Фортепианный цикл миниатюр Прокофьева «Мимолётности» (1915 — 1917) появился в мировой музыкальной культуре позднее, в 1915 году. Этот цикл является спутником многих капитальных сочинений композитора. Он представляет собой 20 разнохарактерных пьес: впечатлений, зарисовок, образов, собранных в своеобразный «калейдоскоп». Налицо все признаки классического жанра миниатюры — использование простых форм, программный характер пьес. Интересен и показателен момент темповой характеристики пьес, указывающей не только на тип движения, но и на характер исполнения: изящно (№6), насмешливо (№10), свирепо (№14) и т. д., образуя целый театр.

Сам Прокофьев в «Автобиографии» выделяет следующие образные сферы своего творчества: классическая, лирическая, новаторская, скерцозная. Уточняя эти образные категории его музыки, можно назвать эпическую тему, входящую в область классической сферы. Эпическая линия вбирает историю, сказку, жанровые и лирико-созерцательные образные линии, одухотворённые мечтой о прекрасном — то, что называется мечтой об идеале. Исследователи особо отмечают значительное дистанцирование композитора от отображения трагических событий своего времени (в противоположность Д. Шостаковичу). Этот факт говорит о глубокой укоренённости в сознании художника неоклассической этической установки, которая переросла собственно эпоху модерна, став частью эпического мироощущения Прокофьева как русского композитора и продолжателя многих русских традиций. Этим объясняется во многом и выбор тем и сюжетов, и их трактовка. А. Шнитке справедливо отмечает: «Зная правду о своём веке, Прокофьев отказывается от показа повседневно человеческого, ради идеальной человечности» [цит. по 16, с. 46]. Следует отметить, интерес композитора к рациональному, объективному анализу природы человеческих поступков, а в дальнейшем исторических событий современности, закономерно направил творчество Прокофьева в русло эпической традиции русского искусства, вобравшей и драму, и лирику. Так, лирика Прокофьева, призванная воплотить красоту души, именно классически уравновешена.

Мир игры, стилевые переклички, парадоксальные музыкально-жанровые синтезы, ставшие частью искусства модерн, во многом определяют способ взаимодействия Прокофьева с классической сферой, позволяя новаторски переосмыслить образные, жанровые модели, создавать свою звуковую реальность, своё ассоциативное образное пространство. В композициях классического типа образуются неожиданные образно-смысловые акценты (например, в Классической симфонии №1 включение гавота, преувеличенно манерного, не типичного для классического цикла).

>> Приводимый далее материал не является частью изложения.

(* Let $\mathcal{T}$ be a finite nonempty set of positive integers and let $A\in\mathbb{R}$ with $|A|\ne1$ and $A\ne0$. Then $$\frac{\big(\sum_{t\in\mathcal{T}}A^t\big)^2}{\sum_{t\in\mathcal{T}}A^{2t}}\le\frac{1+|A|}{\big|1-|A|\big|}.$$ *)

From HB Require Import structures.
From mathcomp Require Import all_boot all_order all_algebra.
From mathcomp Require Export finmap.

From HB Require Import structures.
From mathcomp Require Import all_boot all_order all_algebra.
From mathcomp Require Import finmap ring.

(* Write a = |A|; by the triangle inequality it suffices to bound (sum_t a^t)^2
   for distinct exponents t.  For a < 1 expand the square and split the pairs
   (s, t) into s <= t and s > t.  For fixed s the a^t with t >= s are distinct
   powers of a from a^s on, so they sum to at most a^s / (1 - a), and those with
   t > s to at most a^(s+1) / (1 - a); this gives the factor (1 + a) / (1 - a).
   For a > 1 the reflection t |-> N - t, N = max T, scales both sides by
   a^(2N) and replaces a by 1/a. *)

Set Implicit Arguments.
Unset Strict Implicit.
Unset Printing Implicit Defensive.
Import Order.TTheory GRing.Theory Num.Theory.
Local Open Scope ring_scope.

Section SumsOfDistinctPowers.
Variable R : realFieldType.

Lemma ler_sum_subset_uniq (I : eqType) (u v : seq I) (F : I -> R) :
  uniq u -> uniq v -> {subset u <= v} -> {in v, forall i, 0 <= F i} ->
  \sum_(i <- u) F i <= \sum_(i <- v) F i.
Proof.
move=> uu uv uv_sub F_ge0.
have u_perm : perm_eq [seq i <- v | i \in u] u.
  apply: uniq_perm; rewrite ?filter_uniq // => i.
  by rewrite mem_filter andb_idr // => /uv_sub.
rewrite [leRHS](bigID (mem u)) /= -[X in X + _]big_filter (perm_big _ u_perm).
by rewrite lerDl big_seq_cond; apply: sumr_ge0 => i /andP[/F_ge0].
Qed.

Lemma geometric_sum_le (b : R) n : 0 <= b < 1 ->
  \sum_(i < n) b ^+ i <= (1 - b)^-1.
Proof.
case/andP=> b_ge0 b_lt1; have b1_gt0 : 0 < 1 - b by rewrite subr_gt0.
have sumE : (1 - b) * \sum_(i < n) b ^+ i = 1 - b ^+ n.
  by rewrite -opprB mulNr -subrX1 opprB.
by rewrite -(ler_pM2l b1_gt0) sumE mulfV ?gt_eqF // gerDl oppr_le0 exprn_ge0.
Qed.

Lemma sum_uniq_expr_le (b : R) m (u : seq nat) : 0 <= b < 1 -> uniq u ->
  {in u, forall k, (m <= k)%N} -> \sum_(k <- u) b ^+ k <= b ^+ m / (1 - b).
Proof.
move=> b01 uu u_ge_m; have b_ge0 : 0 <= b by case/andP: b01.
set N := (\max_(k <- u) k).+1.
have u_sub : {subset u <= iota m N}.
  move=> k ku; rewrite mem_iota u_ge_m //=.
  by rewrite ltn_addl // ltnS (leq_bigmax_seq k).
have powers_ge0 : {in iota m N, forall k, 0 <= b ^+ k}.
  by move=> k _; rewrite exprn_ge0.
apply: le_trans (ler_sum_subset_uniq uu (iota_uniq _ _) u_sub powers_ge0) _.
rewrite -[m]addn0 iotaDl big_map addn0.
under eq_bigr do rewrite exprD.
rewrite -mulr_sumr ler_wpM2l ?exprn_ge0 //.
have -> : iota 0 N = index_iota 0 N by rewrite /index_iota subn0.
by rewrite big_mkord geometric_sum_le.
Qed.

Lemma sqr_sum_expr_lt1 (b : R) (r : seq nat) : 0 <= b < 1 -> uniq r ->
  (\sum_(t <- r) b ^+ t) ^+ 2 <= (1 + b) / (1 - b) * \sum_(t <- r) (b ^+ t) ^+ 2.
Proof.
move=> b01 ur; have [b_ge0 b_lt1] := andP b01.
have tail_le m (P : pred nat) : (forall t, P t -> (m <= t)%N) ->
    \sum_(t <- r | P t) b ^+ t <= b ^+ m / (1 - b).
  move=> P_ge_m; rewrite -big_filter sum_uniq_expr_le ?filter_uniq //.
  by move=> t; rewrite mem_filter => /andP[/P_ge_m].
have lower_triangle : \sum_(s <- r) \sum_(t <- r | (t < s)%N) b ^+ s * b ^+ t
    = \sum_(s <- r) b ^+ s * \sum_(t <- r | (s < t)%N) b ^+ t.
  rewrite (exchange_big_dep xpredT) //=; apply: eq_bigr => s _.
  by rewrite mulr_sumr; apply: eq_bigr => t _; rewrite mulrC.
have -> : (\sum_(t <- r) b ^+ t) ^+ 2 =
    \sum_(s <- r) b ^+ s * \sum_(t <- r | (s <= t)%N) b ^+ t
  + \sum_(s <- r) b ^+ s * \sum_(t <- r | (s < t)%N) b ^+ t.
  rewrite -lower_triangle -big_split expr2 mulr_suml; apply: eq_bigr => s _.
  rewrite mulr_sumr (bigID (fun t => s <= t)%N) /= mulr_sumr.
  by under [X in _ + X]eq_bigl do rewrite -ltnNge.
rewrite -big_split mulr_sumr ler_sum // => s _.
have b1_neq0 : 1 - b != 0 by rewrite subr_eq0 eq_sym lt_eqF.
have -> : (1 + b) / (1 - b) * (b ^+ s) ^+ 2
    = b ^+ s * (b ^+ s / (1 - b)) + b ^+ s * (b ^+ s.+1 / (1 - b)).
  by rewrite [b ^+ s.+1]exprS; field.
by apply: lerD; apply: ler_wpM2l; rewrite ?exprn_ge0 //; apply: tail_le.
Qed.

Lemma sqr_sum_expr_gt1 (a : R) (r : seq nat) : 1 < a -> uniq r ->
  (\sum_(t <- r) a ^+ t) ^+ 2 <= (a + 1) / (a - 1) * \sum_(t <- r) (a ^+ t) ^+ 2.
Proof.
move=> a_gt1 ur; have a_gt0 : 0 < a := lt_trans ltr01 a_gt1.
have a_neq0 : a != 0 by rewrite gt_eqF.
set N := \max_(t <- r) t; set u := map (subn N) r.
have le_N t : t \in r -> (t <= N)%N by move=> tr; apply: leq_bigmax_seq.
have reflect_expr t : t \in r -> a ^+ t = a ^+ N * a^-1 ^+ (N - t).
  by move=> /le_N tN; rewrite exprVn -{1}(subnK tN) exprD mulrC mulKf // expf_neq0.
have uu : uniq u.
  rewrite map_inj_in_uniq // => s t /le_N sN /le_N tN /(congr1 (subn N)).
  by rewrite !subKn.
have sumE (F : R -> R) : \sum_(t <- r) F (a ^+ t) = \sum_(k <- u) F (a ^+ N * a^-1 ^+ k).
  by rewrite big_map big_seq [RHS]big_seq; apply: eq_bigr => t /reflect_expr ->.
rewrite (sumE id) (sumE (fun x => x ^+ 2)) -mulr_sumr.
under [X in _ <= _ * X]eq_bigr do rewrite exprMn.
rewrite -mulr_sumr exprMn [leRHS]mulrCA ler_wpM2l ?sqr_ge0 //.
have -> : (a + 1) / (a - 1) = (1 + a^-1) / (1 - a^-1).
  by field; rewrite a_neq0 subr_eq0 gt_eqF.
by rewrite sqr_sum_expr_lt1 // invr_ge0 ltW //= invf_lt1.
Qed.

Lemma sqr_sum_expr_le (a : R) (r : seq nat) : 0 < a -> a != 1 -> uniq r ->
  (\sum_(t <- r) a ^+ t) ^+ 2 <= (1 + a) / `|1 - a| * \sum_(t <- r) (a ^+ t) ^+ 2.
Proof.
move=> a_gt0 + ur; rewrite neq_lt => /orP[a_lt1|a_gt1].
  by rewrite gtr0_norm ?subr_gt0 // sqr_sum_expr_lt1 ?ltW ?a_lt1.
by rewrite ltr0_norm ?subr_lt0 // opprB addrC sqr_sum_expr_gt1.
Qed.
End SumsOfDistinctPowers.

Local Open Scope fset_scope.

Theorem proposition4 (R : realFieldType) (T : {fset nat}) (A : R)
  (hT0 : T != fset0) (hTpos : forall t, t \in T -> (0 < t)%N)
  (hA1 : `|A| != 1) (hA0 : A != 0) :
  (\sum_(t <- T) A ^+ t) ^+ 2 / (\sum_(t <- T) A ^+ (2 * t)) <=
  (1 + `|A|) / `|1 - `|A| |.
Proof.
set a := `|A|; have a_gt0 : 0 < a by rewrite normr_gt0.
have sum_sqrE : \sum_(t <- T) A ^+ (2 * t) = \sum_(t <- T) (a ^+ t) ^+ 2.
  by apply: eq_bigr => t _; rewrite mulnC exprM -normrX real_normK ?num_real.
have sum_sqr_gt0 : 0 < \sum_(t <- T) (a ^+ t) ^+ 2.
  have [T0|[t tT]] := fset_0Vmem T; first by rewrite T0 eqxx in hT0.
  rewrite (bigD1_seq t) ?fset_uniq //= ltr_wpDr ?sumr_ge0 => // [i _|].
    exact: sqr_ge0.
  by rewrite exprn_gt0 ?exprn_gt0.
have norm_sum_le : `|\sum_(t <- T) A ^+ t| <= \sum_(t <- T) a ^+ t.
  by apply: le_trans (ler_norm_sum _ _ _) _; apply: ler_sum => t _; rewrite normrX.
rewrite sum_sqrE ler_pdivrMr //.
apply: le_trans (sqr_sum_expr_le a_gt0 hA1 (fset_uniq T)).
rewrite -[leLHS]real_normK ?num_real // ler_sqr ?nnegrE //.
by apply: sumr_ge0 => t _; rewrite exprn_ge0 ?ltW.
Qed.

Таким образом, в индивидуальном синтезе классических, романтических и футуристических образно-стилевых линий в творчестве С. Прокофьева проступили характерные веяния эпохи, сказавшиеся в склонности к афористической точности, столь характерной для театральной природы мышления композитора, лаконизмом и красочной пластики художественного высказывания.

В работе рассмотрены некоторые черты стиля выдающегося русского композитора-классика XX века С. Прокофьева, касающиеся взаимодействия традиций и новаторства в его творчестве; затронуты вопросы периодизации, а также рассмотрены и проанализированы на примере некоторых сочинений композитора следующие аспекты творческого мышления: мелодика и гармония. Завершает работу раздел «Неоклассические и неоромантические черты творчества Прокофьева в контексте стилевых тенденций XX века»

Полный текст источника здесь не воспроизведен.